So in short, the calling is complete. SG&A as Scott mentioned has been right sized, and we are ready to move forward, and let’s talk about how we’re going to do that.

Regarding franchising, we now have five units that are either under construction or about to break ground in our franchise system, including one here in Boston. The focus of this team specific to our franchisees is very simple, we need to ensure that they are profitable, so we are passionately working with our franchises to make sure that they can leverage what we know works in a Così restaurant. We also want to make sure that each of our franchisees is in, that they are engaged, in one case we knew that the franchisee didn’t want to be part of our system and they are no longer part of our system, we did takeover one franchised restaurant in the last 30 days. We know we have a replicatable economic model, and we are – we have had this dialogue with many franchisees and prospects about buying some of our company stores, but I want everyone to be very clear about something, I’m not going to give them away. We are in dialogue with existing franchisees about certain markets, individual restaurants, which if it’s good for the company, we’ll consider selling those restaurants.

Regarding our company operations, we do have one unit under construction in the Chicago market, and as I mentioned before, we are seeing significant comp gains with the markets where we have – what I’ll call early adapters. There were four key strategic initiatives that are in play right now.

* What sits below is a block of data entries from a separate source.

(* For every integer $r\ge1$, $\big|\mathrm{Var}(\mu^{(r+1)})-\mathrm{Var}(\mu^{(r)})\big|\le b$.
   Context: Fix an integer $b\ge2$. For $n\in\mathbb{N}$ with base-$b$ digits $n_k$, $s(n):=\sum_kn_k$. For $r,n\in\mathbb{N}$, $\Delta^{(r)}(n):=s(n+r)-s(n)$, and $\mu^{(r)}(d):=\lim_{N\to\infty}\frac1N|\{n<N:\Delta^{(r)}(n)=d\}|$ for $d\in\mathbb{Z}$; these limits exist and $\mu^{(r)}$ is a probability measure on $\mathbb{Z}$ with finite moments. $\mathrm{Var}(\mu^{(r)})$ is its variance. *)

From Stdlib Require Import Reals Lra Lia ZArith Arith List.
From Coquelicot Require Import Coquelicot.
Open Scope R_scope.

Definition digit (b n k : nat) : nat := (n / b ^ k) mod b.

(* base-b digit sum s(n) = sum_k n_k; digits with k > n vanish (b >= 2),
   so summing over k = 0..n gives all digits. *)
Definition s (b n : nat) : nat :=
  fold_right Nat.add 0%nat (map (digit b n) (seq 0 (S n))).

Definition Delta (b r n : nat) : Z :=
  (Z.of_nat (s b (n + r)) - Z.of_nat (s b n))%Z.

Definition countDelta (b r : nat) (d : Z) (N : nat) : nat :=
  length (filter (fun n => Z.eqb (Delta b r n) d) (seq 0 N)).

Definition mu (b r : nat) (d : Z) : R :=
  real (Lim_seq (fun N => INR (countDelta b r d N) / INR N)).

Definition zsum (f : Z -> R) : R :=
  f 0%Z + Series (fun k => f (Z.of_nat (S k)) + f (- Z.of_nat (S k))%Z).

Definition mean_mu (b r : nat) : R := zsum (fun d => IZR d * mu b r d).

Definition Var_mu (b r : nat) : R :=
  zsum (fun d => (IZR d - mean_mu b r) ^ 2 * mu b r d).

From Stdlib Require Import Reals Lra Lia ZArith Arith List.
From Coquelicot Require Import Coquelicot.
Open Scope R_scope.

(* Splitting off the last base-b digit gives
     Delta^(r)(n) = t - b c + Delta^(q + c)(n / b),   q = r / b, t = r mod b,
   where the carry c in {0, 1} equals 1 for exactly t of the b residues of n mod b.
   Hence mu^(bq+t) is the mixture of mu^(q) shifted by t (weight (b - t)/b) and of
   mu^(q+1) shifted by t - b (weight t/b), for 0 <= t <= b.  All these laws have mean 0,
   so V_r := Var(mu^(r)) satisfies
     b V_(bq+t) = (b - t)(V_q + t^2) + t (V_(q+1) + (b - t)^2),
   whence V_(r+1) - V_r = (V_(q+1) - V_q)/b + (b - 1 - 2t).  As V_1 - V_0 = b (mu^(1) is a
   geometric law of variance b), induction on r gives |V_(r+1) - V_r| <= 1 + (b - 1). *)

(** * Digit sums and the recursion for Delta *)

Definition digit_sum_upto (b x m : nat) : nat :=
  fold_right Nat.add 0%nat (map (digit b x) (seq 0 m)).

Lemma digit_sum_upto_succ_l b x m :
  digit_sum_upto b x (S m) = (x mod b + digit_sum_upto b (x / b) m)%nat.
Proof.
  unfold digit_sum_upto; simpl; f_equal.
  - unfold digit; now rewrite Nat.pow_0_r, Nat.div_1_r.
  - rewrite <- seq_shift, map_map; f_equal; apply map_ext; intro k.
    unfold digit; now rewrite Nat.pow_succ_r', Nat.Div0.div_div.
Qed.

Lemma digit_sum_upto_succ_r b x m :
  digit_sum_upto b x (S m) = (digit_sum_upto b x m + digit b x m)%nat.
Proof.
  unfold digit_sum_upto; rewrite seq_S, map_app, fold_right_app; simpl.
  generalize (digit b x m).
  induction (map (digit b x) (seq 0 m)) as [|y l IH]; intros z; simpl; [lia|].
  rewrite IH; lia.
Qed.

Lemma digit_large b x k : (2 <= b)%nat -> (x <= k)%nat -> digit b x k = 0%nat.
Proof.
  intros hb hk; unfold digit.
  rewrite Nat.div_small; [apply Nat.Div0.mod_0_l|].
  pose proof (Nat.pow_gt_lin_r b k ltac:(lia)); lia.
Qed.

Lemma digit_sum_upto_stable b x m :
  (2 <= b)%nat -> (x <= m)%nat -> digit_sum_upto b x m = digit_sum_upto b x x.
Proof.
  intros hb; induction m as [|m IH]; intros hx.
  - now replace x with 0%nat by lia.
  - destruct (Nat.eq_dec x (S m)) as [->|]; [reflexivity|].
    rewrite digit_sum_upto_succ_r, digit_large, IH by lia; lia.
Qed.

Lemma s_mod_div b n : (2 <= b)%nat -> s b n = (n mod b + s b (n / b))%nat.
Proof.
  intros hb.
  change (digit_sum_upto b n (S n) = (n mod b + digit_sum_upto b (n / b) (S (n / b)))%nat).
  assert (n / b <= n)%nat by (apply Nat.Div0.div_le_upper_bound; nia).
  rewrite digit_sum_upto_succ_l, (digit_sum_upto_stable b (n / b) n),
    (digit_sum_upto_stable b (n / b) (S (n / b))) by lia.
  reflexivity.
Qed.

Definition carry (b t a : nat) : nat := if Nat.leb b (a + t) then 1%nat else 0%nat.

Lemma Delta_mod_div b r n : (2 <= b)%nat ->
  let t := (r mod b)%nat in let c := carry b t (n mod b)%nat in
  Delta b r n = (Z.of_nat t - Z.of_nat b * Z.of_nat c + Delta b (r / b + c) (n / b))%Z.
Proof.
  intros hb t c; unfold Delta, c, t, carry.
  rewrite (s_mod_div b (n + r)), (s_mod_div b n) by lia.
  pose proof (Nat.div_mod_eq n b); pose proof (Nat.div_mod_eq r b).
  pose proof (Nat.mod_upper_bound n b ltac:(lia)).
  pose proof (Nat.mod_upper_bound r b ltac:(lia)).
  destruct (Nat.leb_spec b (n mod b + r mod b)).
  - replace ((n + r) / b)%nat with (n / b + (r / b + 1))%nat
      by (apply (Nat.div_unique _ _ _ (n mod b + r mod b - b)); lia).
    replace ((n + r) mod b)%nat with (n mod b + r mod b - b)%nat
      by (apply (Nat.mod_unique _ _ (n / b + (r / b + 1))); lia).
    lia.
  - replace ((n + r) / b)%nat with (n / b + (r / b + 0))%nat
      by (apply (Nat.div_unique _ _ _ (n mod b + r mod b)); lia).
    replace ((n + r) mod b)%nat with (n mod b + r mod b)%nat
      by (apply (Nat.mod_unique _ _ (n / b + (r / b + 0))); lia).
    lia.
Qed.

Lemma Delta_0 b n : Delta b 0 n = 0%Z.
Proof. unfold Delta; rewrite Nat.add_0_r; lia. Qed.

Lemma Delta_1_le b n : (2 <= b)%nat -> (Delta b 1 n <= 1)%Z.
Proof.
  intros hb; induction n as [n IH] using lt_wf_ind.
  rewrite Delta_mod_div by lia; cbv zeta.
  rewrite (Nat.mod_small 1 b), (Nat.div_small 1 b) by lia; unfold carry.
  destruct (Nat.leb_spec b (n mod b + 1)) as [Hc|Hc]; simpl Nat.add.
  - assert (n <> 0%nat) by (intros ->; rewrite Nat.Div0.mod_0_l in Hc; lia).
    specialize (IH (n / b)%nat ltac:(apply Nat.div_lt; lia)); lia.
  - rewrite Delta_0; lia.
Qed.

(** * Natural densities *)

Definition count (P : nat -> bool) (N : nat) : nat := length (filter P (seq 0 N)).

Definition has_density (P : nat -> bool) (l : R) : Prop :=
  is_lim_seq (fun N => INR (count P N) / INR N) l.

Definition indicator (x : bool) : R := if x then 1 else 0.

Fixpoint sum_below (f : nat -> R) (n : nat) : R :=
  match n with O => 0 | S n => sum_below f n + f n end.

Lemma sum_below_ext f g n :
  (forall a, (a < n)%nat -> f a = g a) -> sum_below f n = sum_below g n.
Proof.
  induction n as [|n IH]; intros H; simpl; [reflexivity|].
  rewrite IH, H; [reflexivity|lia|intros; apply H; lia].
Qed.

Lemma sum_below_plus f g n :
  sum_below (fun a => f a + g a) n = sum_below f n + sum_below g n.
Proof. induction n as [|n IH]; simpl; [|rewrite IH]; lra. Qed.

Lemma sum_below_mult_r f c n : sum_below (fun a => f a * c) n = sum_below f n * c.
Proof. induction n as [|n IH]; simpl; [|rewrite IH]; lra. Qed.

Lemma sum_below_indicator_bound (P : nat -> bool) k :
  0 <= sum_below (fun a => indicator (P a)) k <= INR k.
Proof.
  induction k as [|k IH]; simpl sum_below; [simpl; lra|].
  assert (0 <= indicator (P k) <= 1) by (unfold indicator; destruct (P k); lra).
  rewrite S_INR; lra.
Qed.

Lemma is_lim_seq_sum_below (u : nat -> nat -> R) (l : nat -> R) n :
  (forall a, (a < n)%nat -> is_lim_seq (u a) (l a)) ->
  is_lim_seq (fun N => sum_below (fun a => u a N) n) (sum_below l n).
Proof.
  induction n as [|n IH]; intros H; simpl.
  - apply is_lim_seq_const.
  - apply is_lim_seq_plus'; [apply IH; intros; apply H|apply H]; lia.
Qed.

Lemma count_ext P P' N : (forall n, P n = P' n) -> count P N = count P' N.
Proof. intros H; unfold count; now rewrite (filter_ext _ _ H). Qed.

Lemma count_add P N k :
  INR (count P (N + k)) = INR (count P N) + sum_below (fun a => indicator (P (N + a)%nat)) k.
Proof.
  induction k as [|k IH]; simpl sum_below; [rewrite Nat.add_0_r; lra|].
  unfold count in *; rewrite Nat.add_succ_r, seq_S, filter_app, length_app, plus_INR, IH.
  simpl; unfold indicator; destruct (P (N + k)%nat); simpl; lra.
Qed.

Lemma count_mod_div (b : nat) (Q : nat -> nat -> bool) M : (1 <= b)%nat ->
  INR (count (fun n => Q (n mod b) (n / b))%nat (b * M)) =
  sum_below (fun a => INR (count (Q a) M)) b.
Proof.
  intros hb; induction M as [|M IH].
  - rewrite Nat.mul_0_r; unfold count; simpl; clear; induction b; simpl; lra.
  - replace (b * S M)%nat with (b * M + b)%nat by lia.
    rewrite count_add, IH, <- sum_below_plus; apply sum_below_ext; intros a Ha.
    rewrite <- (Nat.mod_unique (b * M + a) b M a), <- (Nat.div_unique (b * M + a) b M a) by lia.
    rewrite <- Nat.add_1_r, count_add; simpl; rewrite Nat.add_0_r; lra.
Qed.

Lemma is_lim_seq_div_nat (b : nat) : (1 <= b)%nat ->
  is_lim_seq (fun N => INR (N / b)%nat / INR N) (/ INR b).
Proof.
  intros hb; assert (Hb : 0 < INR b) by (apply lt_0_INR; lia).
  assert (Hinv : is_lim_seq (fun N => / INR N) 0).
  { exact (is_lim_seq_inv _ _ is_lim_seq_INR ltac:(discriminate)). }
  apply is_lim_seq_le_le_loc with (fun N => / INR b - / INR N) (fun _ => / INR b).
  - exists 1%nat; intros N HN.
    assert (HN' : 0 < INR N) by (apply lt_0_INR; lia).
    pose proof (Nat.div_mod_eq N b); pose proof (Nat.mod_upper_bound N b ltac:(lia)).
    assert (E : INR N = INR b * INR (N / b) + INR (N mod b))
      by (rewrite <- mult_INR, <- plus_INR; f_equal; lia).
    assert (INR (N mod b) + 1 <= INR b) by (rewrite <- S_INR; apply le_INR; lia).
    pose proof (pos_INR (N mod b)).
    replace (/ INR b - / INR N) with ((INR N - INR b) / (INR b * INR N)) by (field; lra).
    replace (INR (N / b) / INR N) with (INR b * INR (N / b) / (INR b * INR N)) by (field; lra).
    replace (/ INR b) with (INR N / (INR b * INR N)) by (field; lra).
    split; apply Rmult_le_compat_r; try lra; left; apply Rinv_0_lt_compat; nra.
  - pose proof (is_lim_seq_minus' _ _ _ _ (is_lim_seq_const (/ INR b)) Hinv) as H.
    now rewrite Rminus_0_r in H.
  - apply is_lim_seq_const.
Qed.

Lemma has_density_const (P : nat -> bool) x :
  (forall n, P n = x) -> has_density P (indicator x).
Proof.
  intros HP; apply is_lim_seq_ext_loc with (fun _ => indicator x); [|apply is_lim_seq_const].
  exists 1%nat; intros N HN; unfold count; rewrite (filter_ext P (fun _ => x) HP).
  assert (HN' : INR N <> 0) by (apply not_0_INR; lia).
  destruct x; simpl.
  - rewrite List.filter_true, length_seq; field; exact HN'.
  - rewrite List.filter_false; simpl; unfold Rdiv; ring.
Qed.

Lemma has_density_mod_div (b : nat) (P : nat -> bool) (Q : nat -> nat -> bool) (l : nat -> R) :
  (1 <= b)%nat ->
  (forall n, P n = Q (n mod b) (n / b))%nat ->
  (forall a, (a < b)%nat -> has_density (Q a) (l a)) ->
  has_density P (sum_below l b / INR b).
Proof.
  intros hb HP Hl; unfold has_density.
  set (A := fun N => sum_below (fun a => INR (count (Q a) (N / b)) / INR (N / b)%nat) b
                     * (INR (N / b)%nat / INR N)).
  assert (HA : is_lim_seq A (sum_below l b / INR b)).
  { apply is_lim_seq_mult'; [|apply is_lim_seq_div_nat; lia].
    apply (is_lim_seq_sum_below (fun a N => INR (count (Q a) (N / b)) / INR (N / b)%nat)).
    intros a Ha; apply (is_lim_seq_subseq (fun M => INR (count (Q a) M) / INR M)); [|now apply Hl].
    intros S [N0 HN0]; exists (b * N0)%nat; intros N HN; apply HN0.
    apply Nat.div_le_lower_bound; lia. }
  apply is_lim_seq_le_le_loc with A (fun N => A N + INR b / INR N).
  - exists 1%nat; intros N HN.
    assert (HN' : 0 < INR N) by (apply lt_0_INR; lia).
    assert (EA : A N = INR (count P (b * (N / b))) / INR N).
    { rewrite (count_ext _ _ _ HP).
      rewrite count_mod_div by lia; unfold A, Rdiv; rewrite <- !sum_below_mult_r.
      apply sum_below_ext; intros a _.
      destruct (N / b)%nat as [|M]; [unfold count; simpl; ring|].
      field; split; apply not_0_INR; lia. }
    pose proof (Nat.div_mod_eq N b); pose proof (Nat.mod_upper_bound N b ltac:(lia)).
    replace (count P N) with (count P (b * (N / b) + N mod b)) by (f_equal; lia).
    rewrite count_add, EA.
    pose proof (sum_below_indicator_bound (fun a => P (b * (N / b) + a)%nat) (N mod b)).
    assert (INR (N mod b) <= INR b) by (apply le_INR; lia).
    unfold Rdiv; rewrite <- Rmult_plus_distr_r.
    split; apply Rmult_le_compat_r; try (left; apply Rinv_0_lt_compat); lra.
  - exact HA.
  - pose proof (is_lim_seq_plus' _ _ _ _ HA (is_lim_seq_scal_l _ (INR b) _
      (is_lim_seq_inv _ _ is_lim_seq_INR ltac:(discriminate)))) as H.
    simpl in H; rewrite Rmult_0_r, Rplus_0_r in H; exact H.
Qed.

The first is the continued deployment of that operating system I referenced, we know what resonates with our guest, and we’re further refining that system and it’s been deployed. The second is that we are right sizing our menu, there are a number of initiatives that I won’t go into great length about here but know that collinearly we’re focused on three areas; we’re leveraging the healthy halo of Così, we’ll continue to see some great new products that leveraged that healthy halo, as well as the culinary forward position that we have as a brand. I mentioned last quarter that we have a menu board strategy in place that we’ve engaged King-Casey, and that project is well underway. The third area is physical plan, we know that a lot of the restaurants within our portfolio need attention, and we’ve deployed a refresh strategy across the system that we’ll continue to advise you on updates as the year progresses. The fourth is a marketing strategy that we’ve had in test now for 60 days that we’re seeing significant gains where we’ve tested, that will continue to deploy specifically in our suburban restaurants as the year continues.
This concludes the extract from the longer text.